:: Recorded information
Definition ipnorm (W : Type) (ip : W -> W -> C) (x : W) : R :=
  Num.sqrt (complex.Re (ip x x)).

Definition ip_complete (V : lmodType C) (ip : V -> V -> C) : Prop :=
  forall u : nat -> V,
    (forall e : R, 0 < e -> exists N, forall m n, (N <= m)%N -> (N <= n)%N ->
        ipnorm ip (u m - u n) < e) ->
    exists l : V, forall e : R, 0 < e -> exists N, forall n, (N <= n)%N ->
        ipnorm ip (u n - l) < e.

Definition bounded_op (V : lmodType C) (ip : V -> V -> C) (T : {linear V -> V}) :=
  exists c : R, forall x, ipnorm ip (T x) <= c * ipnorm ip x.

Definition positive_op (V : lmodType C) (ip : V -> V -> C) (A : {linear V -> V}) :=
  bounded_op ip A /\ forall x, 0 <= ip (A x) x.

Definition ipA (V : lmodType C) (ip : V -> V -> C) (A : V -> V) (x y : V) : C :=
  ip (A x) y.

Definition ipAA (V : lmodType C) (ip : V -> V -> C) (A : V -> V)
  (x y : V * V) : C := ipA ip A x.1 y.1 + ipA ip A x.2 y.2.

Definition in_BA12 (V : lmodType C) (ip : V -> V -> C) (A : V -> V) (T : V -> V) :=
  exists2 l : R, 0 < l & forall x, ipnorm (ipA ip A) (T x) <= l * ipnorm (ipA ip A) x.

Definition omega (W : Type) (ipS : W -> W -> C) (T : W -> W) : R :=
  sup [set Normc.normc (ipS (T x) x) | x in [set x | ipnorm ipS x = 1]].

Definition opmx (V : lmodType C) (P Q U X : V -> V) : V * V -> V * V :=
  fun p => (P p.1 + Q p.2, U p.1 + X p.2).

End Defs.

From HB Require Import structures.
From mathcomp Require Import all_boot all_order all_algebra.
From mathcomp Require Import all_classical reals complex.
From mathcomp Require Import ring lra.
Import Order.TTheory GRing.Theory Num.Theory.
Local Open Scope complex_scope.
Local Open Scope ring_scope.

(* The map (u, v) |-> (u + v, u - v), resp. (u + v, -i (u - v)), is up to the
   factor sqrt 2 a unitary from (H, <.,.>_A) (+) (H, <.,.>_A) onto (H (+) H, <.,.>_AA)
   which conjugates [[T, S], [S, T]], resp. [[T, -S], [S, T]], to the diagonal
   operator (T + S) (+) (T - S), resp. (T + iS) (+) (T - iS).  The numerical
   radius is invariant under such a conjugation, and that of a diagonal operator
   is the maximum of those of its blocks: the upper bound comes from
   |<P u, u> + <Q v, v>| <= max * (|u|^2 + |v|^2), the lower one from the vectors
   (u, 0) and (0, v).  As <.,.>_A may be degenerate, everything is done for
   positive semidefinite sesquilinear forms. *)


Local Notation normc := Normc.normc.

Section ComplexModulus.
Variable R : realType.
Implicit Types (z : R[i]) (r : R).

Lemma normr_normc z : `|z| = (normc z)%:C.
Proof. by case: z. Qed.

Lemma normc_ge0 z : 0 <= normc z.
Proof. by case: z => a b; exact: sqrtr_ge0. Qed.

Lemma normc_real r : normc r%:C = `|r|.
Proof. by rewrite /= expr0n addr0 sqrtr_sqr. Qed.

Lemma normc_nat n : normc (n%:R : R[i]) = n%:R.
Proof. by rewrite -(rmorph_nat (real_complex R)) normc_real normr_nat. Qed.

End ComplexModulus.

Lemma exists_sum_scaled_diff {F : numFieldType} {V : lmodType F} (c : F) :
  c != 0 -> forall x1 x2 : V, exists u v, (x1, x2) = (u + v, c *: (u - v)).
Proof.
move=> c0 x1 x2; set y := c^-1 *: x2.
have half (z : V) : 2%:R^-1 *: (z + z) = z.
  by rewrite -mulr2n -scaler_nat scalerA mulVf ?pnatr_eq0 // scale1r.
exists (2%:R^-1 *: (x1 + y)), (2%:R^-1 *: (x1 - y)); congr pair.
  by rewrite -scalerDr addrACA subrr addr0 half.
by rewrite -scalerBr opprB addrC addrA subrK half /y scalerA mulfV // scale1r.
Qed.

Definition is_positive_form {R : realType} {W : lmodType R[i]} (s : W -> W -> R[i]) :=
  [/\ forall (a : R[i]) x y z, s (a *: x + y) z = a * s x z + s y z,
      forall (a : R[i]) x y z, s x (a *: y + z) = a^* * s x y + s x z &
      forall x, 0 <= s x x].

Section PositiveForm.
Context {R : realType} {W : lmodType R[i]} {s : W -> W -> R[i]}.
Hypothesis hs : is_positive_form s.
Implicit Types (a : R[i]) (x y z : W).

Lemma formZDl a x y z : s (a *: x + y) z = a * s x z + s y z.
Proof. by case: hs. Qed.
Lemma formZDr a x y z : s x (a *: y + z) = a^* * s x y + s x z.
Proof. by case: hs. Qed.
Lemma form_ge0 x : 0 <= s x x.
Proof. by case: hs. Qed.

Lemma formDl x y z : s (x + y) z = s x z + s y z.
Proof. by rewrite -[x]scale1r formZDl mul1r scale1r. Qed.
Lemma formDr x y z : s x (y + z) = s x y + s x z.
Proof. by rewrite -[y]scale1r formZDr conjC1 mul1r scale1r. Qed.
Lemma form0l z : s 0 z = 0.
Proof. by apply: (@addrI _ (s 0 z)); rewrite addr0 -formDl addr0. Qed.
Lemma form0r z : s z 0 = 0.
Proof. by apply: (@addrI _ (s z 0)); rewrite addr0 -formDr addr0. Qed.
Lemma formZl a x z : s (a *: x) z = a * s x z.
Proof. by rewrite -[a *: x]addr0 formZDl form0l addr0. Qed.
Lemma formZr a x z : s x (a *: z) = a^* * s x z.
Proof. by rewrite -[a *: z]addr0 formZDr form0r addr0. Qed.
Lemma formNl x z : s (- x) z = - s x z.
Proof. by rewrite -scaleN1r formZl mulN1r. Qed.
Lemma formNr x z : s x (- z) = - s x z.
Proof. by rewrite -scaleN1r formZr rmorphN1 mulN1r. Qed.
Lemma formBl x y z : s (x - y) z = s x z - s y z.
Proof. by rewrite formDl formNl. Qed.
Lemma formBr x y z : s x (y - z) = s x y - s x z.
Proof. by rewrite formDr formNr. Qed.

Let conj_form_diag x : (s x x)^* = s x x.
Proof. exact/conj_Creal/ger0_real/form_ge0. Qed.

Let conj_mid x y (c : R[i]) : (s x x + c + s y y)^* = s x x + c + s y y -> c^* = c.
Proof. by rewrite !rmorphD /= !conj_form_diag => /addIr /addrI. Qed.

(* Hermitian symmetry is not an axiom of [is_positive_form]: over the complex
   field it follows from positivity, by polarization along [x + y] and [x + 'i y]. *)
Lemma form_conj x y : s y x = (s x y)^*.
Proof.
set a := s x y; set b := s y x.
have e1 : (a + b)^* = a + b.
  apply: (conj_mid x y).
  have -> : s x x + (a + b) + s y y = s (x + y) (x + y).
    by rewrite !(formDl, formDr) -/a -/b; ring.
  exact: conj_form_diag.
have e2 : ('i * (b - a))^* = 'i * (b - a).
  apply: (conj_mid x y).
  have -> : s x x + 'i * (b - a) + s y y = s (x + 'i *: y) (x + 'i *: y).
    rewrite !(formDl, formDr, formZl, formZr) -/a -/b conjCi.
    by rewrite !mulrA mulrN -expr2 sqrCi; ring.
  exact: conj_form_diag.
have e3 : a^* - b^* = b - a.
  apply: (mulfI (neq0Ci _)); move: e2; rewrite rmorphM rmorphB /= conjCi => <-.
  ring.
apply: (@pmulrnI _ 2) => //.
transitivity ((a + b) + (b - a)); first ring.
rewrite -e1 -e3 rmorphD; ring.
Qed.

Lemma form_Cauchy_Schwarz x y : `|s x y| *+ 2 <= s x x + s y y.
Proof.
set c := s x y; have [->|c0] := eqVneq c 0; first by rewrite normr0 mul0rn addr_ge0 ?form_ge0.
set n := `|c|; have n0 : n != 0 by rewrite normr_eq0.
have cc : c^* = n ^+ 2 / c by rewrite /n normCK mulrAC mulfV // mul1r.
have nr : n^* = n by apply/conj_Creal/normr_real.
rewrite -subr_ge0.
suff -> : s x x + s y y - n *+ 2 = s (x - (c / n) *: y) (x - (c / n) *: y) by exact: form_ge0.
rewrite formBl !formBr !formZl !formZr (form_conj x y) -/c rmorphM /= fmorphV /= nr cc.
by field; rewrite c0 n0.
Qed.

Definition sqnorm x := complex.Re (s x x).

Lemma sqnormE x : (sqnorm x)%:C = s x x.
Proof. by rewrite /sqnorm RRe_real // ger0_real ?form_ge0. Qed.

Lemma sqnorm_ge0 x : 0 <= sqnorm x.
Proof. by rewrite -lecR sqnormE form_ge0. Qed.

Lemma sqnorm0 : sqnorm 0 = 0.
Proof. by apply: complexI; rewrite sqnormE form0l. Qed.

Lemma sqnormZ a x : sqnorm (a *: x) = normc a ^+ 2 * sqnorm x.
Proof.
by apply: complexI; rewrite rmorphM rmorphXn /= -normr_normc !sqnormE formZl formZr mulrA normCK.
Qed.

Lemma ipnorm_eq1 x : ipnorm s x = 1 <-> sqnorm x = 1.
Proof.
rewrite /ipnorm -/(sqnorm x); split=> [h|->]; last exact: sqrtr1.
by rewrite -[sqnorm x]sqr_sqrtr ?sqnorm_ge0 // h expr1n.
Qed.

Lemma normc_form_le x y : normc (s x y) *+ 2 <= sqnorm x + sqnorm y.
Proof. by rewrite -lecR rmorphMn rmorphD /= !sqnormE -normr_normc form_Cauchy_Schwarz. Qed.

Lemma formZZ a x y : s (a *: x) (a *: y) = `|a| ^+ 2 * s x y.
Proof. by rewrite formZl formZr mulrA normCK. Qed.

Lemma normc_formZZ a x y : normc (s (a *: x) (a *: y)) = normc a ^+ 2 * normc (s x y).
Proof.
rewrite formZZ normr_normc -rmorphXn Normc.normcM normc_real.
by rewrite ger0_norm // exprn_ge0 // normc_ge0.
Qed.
::::
:: Recorded information
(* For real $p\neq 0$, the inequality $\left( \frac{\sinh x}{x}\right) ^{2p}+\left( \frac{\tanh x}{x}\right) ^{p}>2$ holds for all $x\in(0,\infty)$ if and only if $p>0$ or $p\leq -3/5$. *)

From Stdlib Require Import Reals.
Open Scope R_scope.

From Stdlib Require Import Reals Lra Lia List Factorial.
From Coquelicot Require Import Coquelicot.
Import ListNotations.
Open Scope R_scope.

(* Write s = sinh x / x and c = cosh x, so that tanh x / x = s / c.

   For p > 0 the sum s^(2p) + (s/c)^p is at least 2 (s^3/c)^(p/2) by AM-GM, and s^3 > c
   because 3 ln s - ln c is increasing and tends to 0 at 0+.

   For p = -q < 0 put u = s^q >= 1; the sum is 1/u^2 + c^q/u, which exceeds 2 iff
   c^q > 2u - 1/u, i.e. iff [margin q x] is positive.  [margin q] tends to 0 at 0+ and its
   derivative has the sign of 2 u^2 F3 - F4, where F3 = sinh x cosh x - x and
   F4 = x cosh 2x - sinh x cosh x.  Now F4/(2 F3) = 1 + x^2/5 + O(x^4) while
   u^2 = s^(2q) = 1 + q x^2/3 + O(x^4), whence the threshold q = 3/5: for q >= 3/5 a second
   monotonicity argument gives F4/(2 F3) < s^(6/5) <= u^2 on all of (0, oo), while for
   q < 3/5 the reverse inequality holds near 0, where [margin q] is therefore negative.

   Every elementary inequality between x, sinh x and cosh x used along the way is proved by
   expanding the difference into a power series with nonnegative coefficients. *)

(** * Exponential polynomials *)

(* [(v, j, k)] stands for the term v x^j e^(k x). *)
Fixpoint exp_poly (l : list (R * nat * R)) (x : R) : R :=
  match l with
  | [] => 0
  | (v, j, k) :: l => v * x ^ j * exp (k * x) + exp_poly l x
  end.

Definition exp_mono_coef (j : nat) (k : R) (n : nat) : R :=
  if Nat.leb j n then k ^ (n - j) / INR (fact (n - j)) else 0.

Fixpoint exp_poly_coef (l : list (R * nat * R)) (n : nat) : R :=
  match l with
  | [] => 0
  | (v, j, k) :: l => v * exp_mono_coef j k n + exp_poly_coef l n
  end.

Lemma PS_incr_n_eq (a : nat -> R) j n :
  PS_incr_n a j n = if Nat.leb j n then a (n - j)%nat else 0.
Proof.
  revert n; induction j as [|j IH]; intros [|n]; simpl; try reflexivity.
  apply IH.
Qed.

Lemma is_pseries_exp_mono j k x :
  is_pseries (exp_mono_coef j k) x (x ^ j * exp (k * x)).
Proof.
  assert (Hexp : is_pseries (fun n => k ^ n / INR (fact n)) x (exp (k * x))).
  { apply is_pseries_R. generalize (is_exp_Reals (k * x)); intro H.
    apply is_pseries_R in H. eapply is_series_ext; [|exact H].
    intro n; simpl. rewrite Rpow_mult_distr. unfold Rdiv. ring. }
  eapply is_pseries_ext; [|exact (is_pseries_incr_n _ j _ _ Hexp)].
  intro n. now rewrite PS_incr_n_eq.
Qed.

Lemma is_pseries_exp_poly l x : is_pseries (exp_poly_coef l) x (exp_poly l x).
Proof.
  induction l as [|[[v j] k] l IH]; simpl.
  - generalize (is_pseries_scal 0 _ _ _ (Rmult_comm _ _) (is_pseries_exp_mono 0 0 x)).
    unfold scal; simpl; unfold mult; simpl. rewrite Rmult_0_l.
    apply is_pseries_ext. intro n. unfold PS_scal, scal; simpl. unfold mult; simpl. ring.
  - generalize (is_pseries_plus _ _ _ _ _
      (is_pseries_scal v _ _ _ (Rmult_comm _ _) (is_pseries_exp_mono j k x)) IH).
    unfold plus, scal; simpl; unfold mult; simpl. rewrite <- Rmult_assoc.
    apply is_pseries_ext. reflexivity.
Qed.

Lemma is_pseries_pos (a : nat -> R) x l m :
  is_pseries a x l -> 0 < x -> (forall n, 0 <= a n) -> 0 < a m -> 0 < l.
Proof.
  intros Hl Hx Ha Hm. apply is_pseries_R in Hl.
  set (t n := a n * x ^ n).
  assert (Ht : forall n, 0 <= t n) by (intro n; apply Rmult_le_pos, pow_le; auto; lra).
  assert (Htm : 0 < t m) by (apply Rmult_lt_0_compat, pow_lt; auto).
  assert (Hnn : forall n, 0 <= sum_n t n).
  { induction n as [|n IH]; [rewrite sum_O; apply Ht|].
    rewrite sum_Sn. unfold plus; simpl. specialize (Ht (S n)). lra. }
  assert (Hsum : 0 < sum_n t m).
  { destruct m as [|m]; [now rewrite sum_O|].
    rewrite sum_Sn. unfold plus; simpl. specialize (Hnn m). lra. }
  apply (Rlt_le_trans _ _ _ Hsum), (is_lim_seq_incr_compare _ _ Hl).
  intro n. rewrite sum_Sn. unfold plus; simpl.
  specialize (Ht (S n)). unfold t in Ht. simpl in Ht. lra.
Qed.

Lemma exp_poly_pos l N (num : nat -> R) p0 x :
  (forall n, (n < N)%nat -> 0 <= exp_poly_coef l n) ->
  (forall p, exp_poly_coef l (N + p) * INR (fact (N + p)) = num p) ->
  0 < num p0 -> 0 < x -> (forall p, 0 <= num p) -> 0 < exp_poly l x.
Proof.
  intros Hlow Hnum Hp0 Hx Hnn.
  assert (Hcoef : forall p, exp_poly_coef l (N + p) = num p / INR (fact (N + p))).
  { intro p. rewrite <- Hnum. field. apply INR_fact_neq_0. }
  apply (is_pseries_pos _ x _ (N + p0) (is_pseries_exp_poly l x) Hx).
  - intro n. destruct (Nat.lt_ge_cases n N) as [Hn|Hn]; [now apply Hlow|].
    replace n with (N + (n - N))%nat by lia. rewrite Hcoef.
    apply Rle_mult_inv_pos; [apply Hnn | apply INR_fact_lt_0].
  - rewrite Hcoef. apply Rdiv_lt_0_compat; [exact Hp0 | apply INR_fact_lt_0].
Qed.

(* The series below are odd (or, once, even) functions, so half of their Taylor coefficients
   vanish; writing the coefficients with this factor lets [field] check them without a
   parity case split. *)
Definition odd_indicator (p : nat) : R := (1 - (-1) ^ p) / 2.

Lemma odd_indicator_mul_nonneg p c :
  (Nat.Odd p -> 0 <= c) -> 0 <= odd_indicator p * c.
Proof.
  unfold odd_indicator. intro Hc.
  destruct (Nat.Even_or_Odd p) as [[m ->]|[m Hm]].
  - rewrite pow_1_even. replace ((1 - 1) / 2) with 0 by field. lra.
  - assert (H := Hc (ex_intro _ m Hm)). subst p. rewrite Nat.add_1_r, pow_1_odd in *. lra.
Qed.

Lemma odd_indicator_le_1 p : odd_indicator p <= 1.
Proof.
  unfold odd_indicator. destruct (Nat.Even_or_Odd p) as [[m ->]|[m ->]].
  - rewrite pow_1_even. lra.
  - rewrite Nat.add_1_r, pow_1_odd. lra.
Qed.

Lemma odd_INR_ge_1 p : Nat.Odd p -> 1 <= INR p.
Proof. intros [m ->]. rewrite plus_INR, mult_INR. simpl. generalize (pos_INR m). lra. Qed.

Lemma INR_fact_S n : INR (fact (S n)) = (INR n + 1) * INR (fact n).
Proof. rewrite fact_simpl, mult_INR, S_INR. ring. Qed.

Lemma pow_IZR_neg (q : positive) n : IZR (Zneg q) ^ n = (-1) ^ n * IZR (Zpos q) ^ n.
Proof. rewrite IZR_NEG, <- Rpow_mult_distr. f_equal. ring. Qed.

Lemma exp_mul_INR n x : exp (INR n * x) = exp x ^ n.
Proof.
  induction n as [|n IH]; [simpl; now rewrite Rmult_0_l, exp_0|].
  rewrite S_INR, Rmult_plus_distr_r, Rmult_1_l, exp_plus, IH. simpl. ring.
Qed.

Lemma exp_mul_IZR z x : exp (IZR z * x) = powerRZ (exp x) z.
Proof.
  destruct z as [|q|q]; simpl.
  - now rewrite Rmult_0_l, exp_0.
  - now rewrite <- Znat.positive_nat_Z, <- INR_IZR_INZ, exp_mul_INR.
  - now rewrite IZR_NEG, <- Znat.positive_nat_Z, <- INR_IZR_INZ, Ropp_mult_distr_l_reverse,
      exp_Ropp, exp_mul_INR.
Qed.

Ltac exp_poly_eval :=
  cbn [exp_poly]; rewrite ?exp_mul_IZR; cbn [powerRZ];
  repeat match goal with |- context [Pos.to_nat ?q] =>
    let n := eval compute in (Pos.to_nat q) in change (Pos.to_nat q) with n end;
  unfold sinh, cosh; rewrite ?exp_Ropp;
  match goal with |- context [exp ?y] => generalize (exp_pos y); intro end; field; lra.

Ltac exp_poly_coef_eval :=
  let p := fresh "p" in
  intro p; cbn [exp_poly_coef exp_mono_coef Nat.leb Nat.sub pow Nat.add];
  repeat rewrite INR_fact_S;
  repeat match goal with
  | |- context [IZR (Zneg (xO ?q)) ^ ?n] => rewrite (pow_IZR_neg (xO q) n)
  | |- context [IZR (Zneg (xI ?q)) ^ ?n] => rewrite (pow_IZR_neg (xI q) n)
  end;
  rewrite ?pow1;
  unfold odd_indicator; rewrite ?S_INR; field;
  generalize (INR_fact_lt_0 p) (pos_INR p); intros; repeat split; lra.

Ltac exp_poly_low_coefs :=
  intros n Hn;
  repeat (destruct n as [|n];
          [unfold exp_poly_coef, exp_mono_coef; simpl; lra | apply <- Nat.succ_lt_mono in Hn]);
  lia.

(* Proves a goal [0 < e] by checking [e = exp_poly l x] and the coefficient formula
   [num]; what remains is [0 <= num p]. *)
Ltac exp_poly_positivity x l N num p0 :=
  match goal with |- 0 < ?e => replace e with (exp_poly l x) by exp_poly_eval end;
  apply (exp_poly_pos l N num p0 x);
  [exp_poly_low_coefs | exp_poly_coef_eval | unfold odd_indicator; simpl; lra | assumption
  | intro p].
::::
:: Recorded information
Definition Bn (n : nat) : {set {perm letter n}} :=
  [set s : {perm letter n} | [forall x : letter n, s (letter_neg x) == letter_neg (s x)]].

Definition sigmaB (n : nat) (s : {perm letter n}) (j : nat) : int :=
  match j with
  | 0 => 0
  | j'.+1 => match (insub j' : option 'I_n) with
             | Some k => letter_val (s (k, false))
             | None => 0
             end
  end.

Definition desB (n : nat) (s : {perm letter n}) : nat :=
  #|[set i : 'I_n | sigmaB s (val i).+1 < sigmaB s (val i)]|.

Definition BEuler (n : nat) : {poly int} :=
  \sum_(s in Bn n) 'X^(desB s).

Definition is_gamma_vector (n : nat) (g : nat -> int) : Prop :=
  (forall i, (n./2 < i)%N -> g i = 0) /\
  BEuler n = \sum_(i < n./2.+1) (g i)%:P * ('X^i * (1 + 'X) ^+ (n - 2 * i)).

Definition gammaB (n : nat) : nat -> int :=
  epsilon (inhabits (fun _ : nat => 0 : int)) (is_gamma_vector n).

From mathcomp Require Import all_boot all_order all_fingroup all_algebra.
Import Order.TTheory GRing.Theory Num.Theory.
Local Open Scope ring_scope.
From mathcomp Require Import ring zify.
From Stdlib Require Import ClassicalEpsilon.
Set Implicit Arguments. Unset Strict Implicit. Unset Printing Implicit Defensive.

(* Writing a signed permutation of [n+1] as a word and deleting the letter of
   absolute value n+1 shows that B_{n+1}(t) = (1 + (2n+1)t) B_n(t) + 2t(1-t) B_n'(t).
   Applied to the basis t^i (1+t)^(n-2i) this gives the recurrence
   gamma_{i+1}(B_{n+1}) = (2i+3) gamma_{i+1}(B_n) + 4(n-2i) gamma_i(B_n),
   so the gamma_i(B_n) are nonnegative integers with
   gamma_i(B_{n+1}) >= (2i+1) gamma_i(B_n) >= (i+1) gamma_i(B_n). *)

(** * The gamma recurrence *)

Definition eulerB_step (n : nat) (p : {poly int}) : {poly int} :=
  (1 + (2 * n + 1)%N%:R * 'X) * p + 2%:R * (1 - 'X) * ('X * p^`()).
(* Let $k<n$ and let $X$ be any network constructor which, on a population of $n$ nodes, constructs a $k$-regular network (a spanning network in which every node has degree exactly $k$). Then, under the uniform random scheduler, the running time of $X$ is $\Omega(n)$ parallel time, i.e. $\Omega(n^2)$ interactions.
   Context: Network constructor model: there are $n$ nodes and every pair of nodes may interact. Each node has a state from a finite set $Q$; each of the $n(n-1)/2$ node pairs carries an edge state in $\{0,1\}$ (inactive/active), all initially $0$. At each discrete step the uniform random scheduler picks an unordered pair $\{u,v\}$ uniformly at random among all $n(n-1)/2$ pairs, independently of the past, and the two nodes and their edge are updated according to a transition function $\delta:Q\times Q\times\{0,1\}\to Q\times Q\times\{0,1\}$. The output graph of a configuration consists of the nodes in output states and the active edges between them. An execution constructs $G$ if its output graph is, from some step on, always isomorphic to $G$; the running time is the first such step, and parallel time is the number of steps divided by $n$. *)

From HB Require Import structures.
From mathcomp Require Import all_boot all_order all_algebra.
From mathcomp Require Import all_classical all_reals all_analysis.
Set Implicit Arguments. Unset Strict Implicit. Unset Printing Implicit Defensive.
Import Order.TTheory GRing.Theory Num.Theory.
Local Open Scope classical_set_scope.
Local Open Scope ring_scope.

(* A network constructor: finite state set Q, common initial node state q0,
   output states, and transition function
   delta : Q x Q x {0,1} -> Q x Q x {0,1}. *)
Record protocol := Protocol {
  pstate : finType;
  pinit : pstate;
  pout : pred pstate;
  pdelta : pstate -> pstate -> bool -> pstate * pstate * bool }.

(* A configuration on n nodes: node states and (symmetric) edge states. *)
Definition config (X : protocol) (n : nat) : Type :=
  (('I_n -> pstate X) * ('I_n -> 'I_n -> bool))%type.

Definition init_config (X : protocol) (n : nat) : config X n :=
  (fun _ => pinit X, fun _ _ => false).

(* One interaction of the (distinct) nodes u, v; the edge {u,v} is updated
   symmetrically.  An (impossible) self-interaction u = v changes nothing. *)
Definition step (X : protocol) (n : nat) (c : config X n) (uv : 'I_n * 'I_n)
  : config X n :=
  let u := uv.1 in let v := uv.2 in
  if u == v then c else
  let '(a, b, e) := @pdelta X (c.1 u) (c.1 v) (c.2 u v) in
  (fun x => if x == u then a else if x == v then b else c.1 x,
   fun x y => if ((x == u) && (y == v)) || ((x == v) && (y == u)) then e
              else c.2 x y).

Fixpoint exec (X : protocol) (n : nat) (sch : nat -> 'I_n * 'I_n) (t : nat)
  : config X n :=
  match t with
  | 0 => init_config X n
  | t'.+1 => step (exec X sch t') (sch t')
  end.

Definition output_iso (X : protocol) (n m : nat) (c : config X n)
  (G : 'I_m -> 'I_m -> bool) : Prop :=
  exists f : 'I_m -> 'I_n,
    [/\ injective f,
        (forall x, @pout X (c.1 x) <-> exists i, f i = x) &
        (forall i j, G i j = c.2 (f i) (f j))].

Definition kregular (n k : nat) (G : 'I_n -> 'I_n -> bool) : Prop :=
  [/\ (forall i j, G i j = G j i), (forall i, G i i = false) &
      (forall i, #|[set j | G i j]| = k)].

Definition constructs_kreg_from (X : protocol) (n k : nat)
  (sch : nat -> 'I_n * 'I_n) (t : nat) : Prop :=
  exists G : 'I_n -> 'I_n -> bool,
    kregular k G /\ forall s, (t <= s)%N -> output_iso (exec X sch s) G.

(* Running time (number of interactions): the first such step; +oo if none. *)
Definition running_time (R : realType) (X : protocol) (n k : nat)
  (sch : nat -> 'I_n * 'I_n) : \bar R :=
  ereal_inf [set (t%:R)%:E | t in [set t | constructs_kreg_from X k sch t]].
::::
Exercise goal
Retype the portion of the data above that starts on the line with "assert (Hnn : forall n, 0 <= sum_n t n)." and finishes on the line with "(forall p, exp_poly_coef", including both of those lines.

Reply to the task
  assert (Hnn : forall n, 0 <= sum_n t n).
  { induction n as [|n IH]; [rewrite sum_O; apply Ht|].
    rewrite sum_Sn. unfold plus; simpl. specialize (Ht (S n)). lra. }
  assert (Hsum : 0 < sum_n t m).
  { destruct m as [|m]; [now rewrite sum_O|].
    rewrite sum_Sn. unfold plus; simpl. specialize (Hnn m). lra. }
  apply (Rlt_le_trans _ _ _ Hsum), (is_lim_seq_incr_compare _ _ Hl).
  intro n. rewrite sum_Sn. unfold plus; simpl.
  specialize (Ht (S n)). unfold t in Ht. simpl in Ht. lra.
Qed.

Lemma exp_poly_pos l N (num : nat -> R) p0 x :
  (forall n, (n < N)%nat -> 0 <= exp_poly_coef l n) ->
  (forall p, exp_poly_coef l (N + p) * INR (fact (N + p)) = num p) ->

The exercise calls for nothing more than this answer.